Build the Idea Step-by-Step
Formal Explanation
Accuracy
Accuracy = (TP + TN) / (TP + TN + FP + FN)
What fraction of all predictions were correct? Simple, but misleading when classes are imbalanced.
When it fails: 99% of emails are not spam. A model that says "not spam" for everything gets 99% accuracy — and catches zero spam.
Precision
Precision = TP / (TP + FP)
Of all the times the model predicted positive, how often was it actually positive?
High precision matters when false positives are costly. Example: flagging a legal transaction as fraud. Each false alarm costs customer trust and manual review time.
Recall (Sensitivity)
Recall = TP / (TP + FN)
Of all the actual positive cases, how many did the model catch?
High recall matters when false negatives are costly. Example: missing a cancer diagnosis. A false negative (missed cancer) is much worse than a false positive (unnecessary follow-up).
F1 Score
F1 = 2 × (Precision × Recall) / (Precision + Recall)
The harmonic mean of precision and recall. It rewards high scores on both — if either is very low, F1 is pulled down.
Use F1 when:
- Classes are imbalanced
- You care about both false positives and false negatives
- You need a single number that reflects the precision/recall tradeoff
Key Properties / Rules
| Metric | Formula | Best when... | Fails when... |
|---|---|---|---|
| Accuracy | (TP+TN)/total | Balanced classes | Imbalanced classes |
| Precision | TP/(TP+FP) | FP cost is high | FN cost is high |
| Recall | TP/(TP+FN) | FN cost is high | FP cost is high |
| F1 | 2·P·R/(P+R) | Both costs matter | Only one cost matters |
The Precision-Recall Tradeoff
Adjusting the classification threshold (default: 0.5) moves you along the tradeoff:
- Lower threshold → model flags more things as positive → higher recall, lower precision
- Higher threshold → model is more selective → higher precision, lower recall
This is a design decision based on the cost of each error type.
Why It Matters
In real systems, accuracy is almost never the right metric:
- Fraud detection: High recall (catch most fraud), acceptable precision (some false alarms are OK)

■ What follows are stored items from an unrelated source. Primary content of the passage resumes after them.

Theorem proposition12 (R : realType) (B H : completeNormedModType R)
  (ip : H -> H -> R) (hip : is_inner_product ip)
  (K : {linear B -> H})
  (Kbdd : exists M : R, forall x : B, `|K x| <= M * `|x|)
  (Kinj : injective K)
  (e : int -> B) (he : forall i, `|e i| = 1)
  (alpha : int -> R) (I : seq int) (Iuniq : uniq I) (Ine : I != [::])
  (hI : forall i, (i \in I) = (alpha i != 0)) :
  exists C : R, 0 < C /\
  forall (eps : R) (veps : H),
    let u := \sum_(i <- I) alpha i *: e i in
    let v := K u in
    let d := dict K e in
    let r := nsr ip K e alpha I (veps - v) in
    let mu := cumcoh ip d I in
    `|veps - v| <= eps ->
    r < 2^-1 ->
    mu < 1 ->
    (erc_sup ip d I < (1 - 2 * r * (1 - mu)^-1)%R%:E)%E ->
    forall (n : nat) (idx : seq int) (beta : nat -> int -> R),
      OMP_run ip K e eps veps n idx beta ->
      (l1norm (fun i => (beta n i - alpha i)%R) <= (C * eps)%R%:E)%E.
Proof.
set mu := cumcoh ip (dict K e) I.
set C0 := 2 / (1 - mu) * \sum_(i <- I) `|K (e i)|^-1.
exists (if mu < 1 then C0 + 1 else 1); split.
  case: ifPn => // mu_lt1; rewrite ltr_wpDl // mulr_ge0 ?divr_ge0 ?subr_ge0 ?(ltW mu_lt1) //.
  by apply: sumr_ge0 => i _; rewrite invr_ge0.
move=> eps veps u v d r mu' noise_le _ mu_lt1 erc n idx beta run.
have sub_idx_I := omp_selects_in_support hip Kinj he Iuniq Ine hI noise_le mu_lt1 erc
  run (leqnn n).
have err_supp i : i \notin I -> beta n i - alpha i = 0.
  case: run => size_idx beta_supp _ _ _ iI.
  rewrite beta_supp //; last by apply: contra iI => /sub_idx_I.
  by move: iI; rewrite hI negbK => /eqP ->; rewrite subrr.
have eps_ge0 : 0 <= eps := le_trans (normr_ge0 _) noise_le.
rewrite (l1norm_seq Iuniq err_supp) lee_fin ifT //.
apply: le_trans (omp_coef_error hip Kinj he Iuniq Ine hI noise_le mu_lt1 erc run) _.
by rewrite ler_wpM2r ?lerDl.
Qed.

- Medical diagnosis: High recall (don't miss disease), careful about precision
- Search / recommendations: Precision matters most (return relevant results, not noise)

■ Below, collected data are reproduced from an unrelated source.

(** The distinguished binary symbol d is built in (see formula Fdist). *)
Record language (R : realType) := Language {
  const_sym : Type;
  func_sym : Type;
  rel_sym : Type;
  farity : func_sym -> nat;
  rarity : rel_sym -> nat;
  flip : func_sym -> R;
  rlip : rel_sym -> R;
  farity_pos : forall F, (0 < farity F)%N;
  rarity_pos : forall P, (0 < rarity P)%N;
  flip_ge0 : forall F, 0 <= flip F;
  rlip_ge0 : forall P, 0 <= rlip P
}.

(** Pre-structures: interpretations of all symbols, no axioms
    (used for the ultramean, whose metric need not be complete). *)
Record prestructure (R : realType) (L : language R) := Prestructure {
  carrier : Type;
  pdist : carrier -> carrier -> R;
  cinterp : const_sym L -> carrier;
  finterp : forall F : func_sym L, ('I_(farity F) -> carrier) -> carrier;
  rinterp : forall P : rel_sym L, ('I_(rarity P) -> carrier) -> R
}.

Arguments pdist {R L} p.
Arguments cinterp {R L} p.
Arguments finterp {R L} p F.
Arguments rinterp {R L} p P.

Arguments carrier {R L} p.
Definition tdist (R : realType) (L : language R) (M : prestructure L) (n : nat)
  (a b : 'I_n -> carrier M) : R := \sum_(k < n) pdist M (a k) (b k).

Definition is_structure (R : realType) (L : language R) (M : prestructure L)
  : Prop :=
    inhabited (carrier M) /\
      (forall x y, pdist M x y = 0 <-> x = y) /\
      (forall x y, pdist M x y = pdist M y x) /\
      (forall x y z, pdist M x z <= pdist M x y + pdist M y z) /\
      (forall x y, 0 <= pdist M x y <= 1) /\
      (forall u : nat -> carrier M,
         (forall e : R, 0 < e -> exists N : nat, forall m n : nat,
            (N <= m)%N -> (N <= n)%N -> pdist M (u m) (u n) < e) ->
         exists x, forall e : R, 0 < e -> exists N : nat, forall n : nat,
            (N <= n)%N -> pdist M (u n) x < e) /\
      (forall (F : func_sym L) (a b : 'I_(farity F) -> carrier M),
         pdist M (finterp M F a) (finterp M F b) <= flip F * tdist a b) /\
      (forall (P : rel_sym L) (a : 'I_(rarity P) -> carrier M),
         0 <= rinterp M P a <= 1) /\
      (forall (P : rel_sym L) (a b : 'I_(rarity P) -> carrier M),
         rinterp M P a - rinterp M P b <= rlip P * tdist a b).

Record structure (R : realType) (L : language R) := Structure {
  struct_pre :> prestructure L;
  struct_ax : is_structure struct_pre
}.

Inductive term (R : realType) (L : language R) : Type :=
  | Tvar : nat -> term L
  | Tconst : const_sym L -> term L
  | Tapp (F : func_sym L) : ('I_(farity F) -> term L) -> term L.

Inductive formula (R : realType) (L : language R) : Type :=
  | Fone : formula L
  | Fdist : term L -> term L -> formula L
  | Frel (P : rel_sym L) : ('I_(rarity P) -> term L) -> formula L
  | Fadd : formula L -> formula L -> formula L
  | Fscale : R -> formula L -> formula L
  | Fsup : nat -> formula L -> formula L
  | Finf : nat -> formula L -> formula L.

Fixpoint teval (R : realType) (L : language R) (M : prestructure L)
  (e : nat -> carrier M) (t : term L) : carrier M :=
  match t with
  | Tvar x => e x
  | Tconst c => cinterp M c
  | Tapp F ts => finterp M F (fun k => teval e (ts k))
  end.

Definition upd (T : Type) (e : nat -> T) (x : nat) (m : T) : nat -> T :=
  fun y => if y == x then m else e y.

Fixpoint feval (R : realType) (L : language R) (M : prestructure L)
  (phi : formula L) : (nat -> carrier M) -> R :=
  match phi with
  | Fone => fun _ => 1
  | Fdist t1 t2 => fun e => pdist M (teval e t1) (teval e t2)
  | Frel P ts => fun e => rinterp M P (fun k => teval e (ts k))
  | Fadd p q => fun e => feval p e + feval q e
  | Fscale r p => fun e => r * feval p e
  | Fsup x p => fun e => sup [set feval p (upd e x m) | m in [set: carrier M]]
  | Finf x p => fun e => inf [set feval p (upd e x m) | m in [set: carrier M]]
  end.

Arguments teval {R L} M e t.
Arguments feval {R L} M phi.

Section Ultramean.
Variables (R : realType) (L : language R) (I : Type) (mu : ultracharge R I)
  (M : I -> structure L).

Definition prodT := forall i : I, carrier (M i).

Definition prod_dist (a b : prodT) : R :=
  integral mu (fun i => pdist (M i) (a i) (b i)).

Definition um_class_set (a : prodT) : set prodT :=
  [set b | prod_dist a b = 0].

Definition um_carrier : Type :=
  {S : set prodT | exists a : prodT, S = um_class_set a}.

Definition um_class (a : prodT) : um_carrier :=
  exist _ (um_class_set a) (ex_intro _ a erefl).

Definition um_rep (xi : um_carrier) : prodT := projT1 (cid (proj2_sig xi)).

Definition ultramean : prestructure L := @Prestructure R L um_carrier
  (fun xi eta => prod_dist (um_rep xi) (um_rep eta))
  (fun c => um_class (fun i => cinterp (M i) c))
  (fun F xis => um_class (fun i => finterp (M i) F (fun k => um_rep (xis k) i)))
  (fun P xis => integral mu (fun i => rinterp (M i) P (fun k => um_rep (xis k) i))).

End Ultramean.

From HB Require Import structures.
From mathcomp Require Import all_boot all_order all_algebra.
From mathcomp Require Import boolp classical_sets reals numfun.
From mathcomp Require Import lra.
Set Implicit Arguments. Unset Strict Implicit. Unset Printing Implicit Defensive.
Import Order.TTheory GRing.Theory Num.Theory.
Local Open Scope classical_set_scope.
Local Open Scope ring_scope.

(* Finite additivity makes the integral of step functions monotone, and every
   bounded function is squeezed between two step functions on a common finite
   partition whose integrals differ by at most e; this gives linearity and
   monotonicity of the integral.  The integral moreover commutes with suprema
   over the product, sup_b int f_i(b_i) dmu = int sup_m f_i(m) dmu, because an
   e-maximiser may be chosen independently in each coordinate.  Lipschitz
   continuity makes the interpretations in the ultramean independent of
   representatives, and the theorem follows by induction on phi, the
   quantifier cases being exactly this exchange of sup (or inf) and integral. *)

Section SupInf.
Variable R : realType.

Lemma image_opp (T : Type) (g : T -> R) (A : set T) :
  -%R @` [set g m | m in A] = [set - g m | m in A].
Proof. exact: image_comp. Qed.

Lemma norm_sup_image_le (T : Type) (g : T -> R) (B : R) : inhabited T ->
  (forall m, `|g m| <= B) -> `|sup [set g m | m in [set: T]]| <= B.
Proof.
move=> [m0] gB; set S := [set g m | m in [set: T]].
have Sm0 : S (g m0) by exists m0.
have ubB : ubound S B by move=> _ [m _ <-]; exact: le_trans (ler_norm _) (gB m).
rewrite ler_norml; apply/andP; split; last by apply: ge_sup => //; exists (g m0).
have supS : has_sup S by split; [exists (g m0)|exists B].
have := sup_upper_bound supS Sm0; have := gB m0.
by rewrite ler_norml => /andP[? _]; lra.
Qed.

Lemma norm_inf_image_le (T : Type) (g : T -> R) (B : R) : inhabited T ->
  (forall m, `|g m| <= B) -> `|inf [set g m | m in [set: T]]| <= B.
Proof.
move=> Tinh gB; rewrite /inf normrN image_opp.
by apply: norm_sup_image_le => // m; rewrite normrN.
Qed.

End SupInf.

Section StepFunctions.
Variables (R : realType) (I : Type) (mu : ultracharge R I).

Lemma ultracharge0 : mu set0 = 0.
Proof.
have := uc_add mu (A := set0) (B := set0); rewrite setU0 setI0 => /(_ erefl).
lra.
Qed.

Lemma ultracharge_splitI X A : mu X = mu (X `&` A) + mu (X `&` ~` A).
Proof.
rewrite -uc_add; last by rewrite setIACA setICr setI0.
by rewrite -setIUr setUCr setIT.
Qed.

Definition step_fun (s : seq (R * set I)) (i : I) : R :=
  \sum_(p <- s) p.1 * \1_(p.2) i.

Definition step_int_on (s : seq (R * set I)) (E : set I) : R :=
  \sum_(p <- s) p.1 * mu (p.2 `&` E).

Definition step_int (s : seq (R * set I)) : R := \sum_(p <- s) p.1 * mu p.2.

Definition step_scale (r : R) (s : seq (R * set I)) : seq (R * set I) :=
  [seq (r * p.1, p.2) | p <- s].

Lemma step_int_onT s : step_int_on s [set: I] = step_int s.
Proof. by apply: eq_bigr => p _; rewrite setIT. Qed.

Lemma step_int_on_splitI s E A :
  step_int_on s E = step_int_on s (E `&` A) + step_int_on s (E `&` ~` A).
Proof.
rewrite -big_split /=; apply: eq_bigr => p _.
by rewrite -mulrDr !setIA -ultracharge_splitI.
Qed.

Lemma step_fun_cat s t i : step_fun (s ++ t) i = step_fun s i + step_fun t i.
Proof. exact: big_cat. Qed.

Lemma step_int_cat s t : step_int (s ++ t) = step_int s + step_int t.
Proof. exact: big_cat. Qed.

Lemma step_fun_scale r s i : step_fun (step_scale r s) i = r * step_fun s i.
Proof.
by rewrite /step_fun big_map mulr_sumr; apply: eq_bigr => p _; rewrite mulrA.
Qed.

Lemma step_int_scale r s : step_int (step_scale r s) = r * step_int s.
Proof.
by rewrite /step_int big_map mulr_sumr; apply: eq_bigr => p _; rewrite mulrA.
Qed.

Lemma step_int_on_lb s E c : (forall i, E i -> c <= step_fun s i) ->
  c * mu E <= step_int_on s E.
Proof.
elim: s E c => [|[c0 A0] s IHs] E c cE.
  rewrite /step_int_on big_nil.
  have [[i Ei]|/set0P/negP/negPn/eqP->] := pselect (E !=set0).
    apply: mulr_le0_ge0 (uc_ge0 _ _).
    by move: (cE i Ei); rewrite /step_fun big_nil.
  by rewrite ultracharge0 mulr0.
have inA : forall i, (E `&` A0) i -> c - c0 <= step_fun s i.
  move=> i [Ei A0i]; move: (cE i Ei).
  rewrite /step_fun big_cons indicE mem_set //=; lra.
have outA : forall i, (E `&` ~` A0) i -> c <= step_fun s i.
  move=> i [Ei A0i]; move: (cE i Ei).
  rewrite /step_fun big_cons indicE memNset //=; lra.
rewrite /step_int_on big_cons -/(step_int_on s E) (step_int_on_splitI s E A0) /=.
have := IHs _ _ inA; have := IHs _ _ outA.
rewrite (ultracharge_splitI E A0) [A0 `&` E]setIC mulrBl mulrDr; lra.
Qed.

Lemma le_step_int s t : (forall i, step_fun s i <= step_fun t i) ->
  step_int s <= step_int t.
Proof.
move=> st; have : 0 * mu [set: I] <= step_int_on (t ++ step_scale (-1) s) [set: I].
  apply: step_int_on_lb => i _.
  by rewrite step_fun_cat step_fun_scale; move: (st i); lra.
by rewrite step_int_onT step_int_cat step_int_scale; lra.
Qed.

Definition partition_step n (A : 'I_n -> set I) (c : 'I_n -> R) :=
  [seq (c k, A k) | k <- enum 'I_n].

Lemma step_int_partition n A c :
  step_int (@partition_step n A c) = \sum_(k < n) c k * mu (A k).
Proof. by rewrite /step_int big_map big_enum. Qed.

Lemma step_fun_partition n (A : 'I_n -> set I) c i k :
  is_partition A -> A k i -> step_fun (partition_step A c) i = c k.
Proof.
move=> [disjA _] Aki; rewrite /step_fun big_map big_enum /=.
rewrite (bigD1 k) //= indicE mem_set // mulr1 big1 ?addr0 // => l lk.
rewrite indicE memNset ?mulr0 // => Ali.
by have : (A l `&` A k) i by []; rewrite disjA.
Qed.

Lemma sum_ultracharge_partition n (A : 'I_n -> set I) :
  is_partition A -> \sum_(k < n) mu (A k) = 1.
Proof.
move=> partA; rewrite -(uc_setT mu).
have -> : mu [set: I] = step_int [:: (1, [set: I])].
  by rewrite /step_int big_seq1 mul1r.
have -> : \sum_(k < n) mu (A k) = step_int (partition_step A (fun=> 1)).
  by rewrite step_int_partition; apply: eq_bigr => k _; rewrite mul1r.
apply/le_anti/andP; split; apply: le_step_int => i; have [k Aki] := partA.2 i;
  by rewrite (step_fun_partition _ partA Aki) /step_fun big_seq1 indicT mulr1.
Qed.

- Spam filtering: High precision for inbox (don't filter legitimate email), some recall loss OK
Choosing the right metric is part of defining the problem. A model optimized for the wrong metric will behave unexpectedly in production.
Common Pitfalls
- Reporting accuracy on imbalanced datasets. Always also report precision, recall, and F1. If the positive class is rare, accuracy is nearly always misleading.
- Confusing precision and recall. A useful mnemonic: Precision = "of what I predicted positive, how many actually were?" Recall = "of all actual positives, how many did I recover?"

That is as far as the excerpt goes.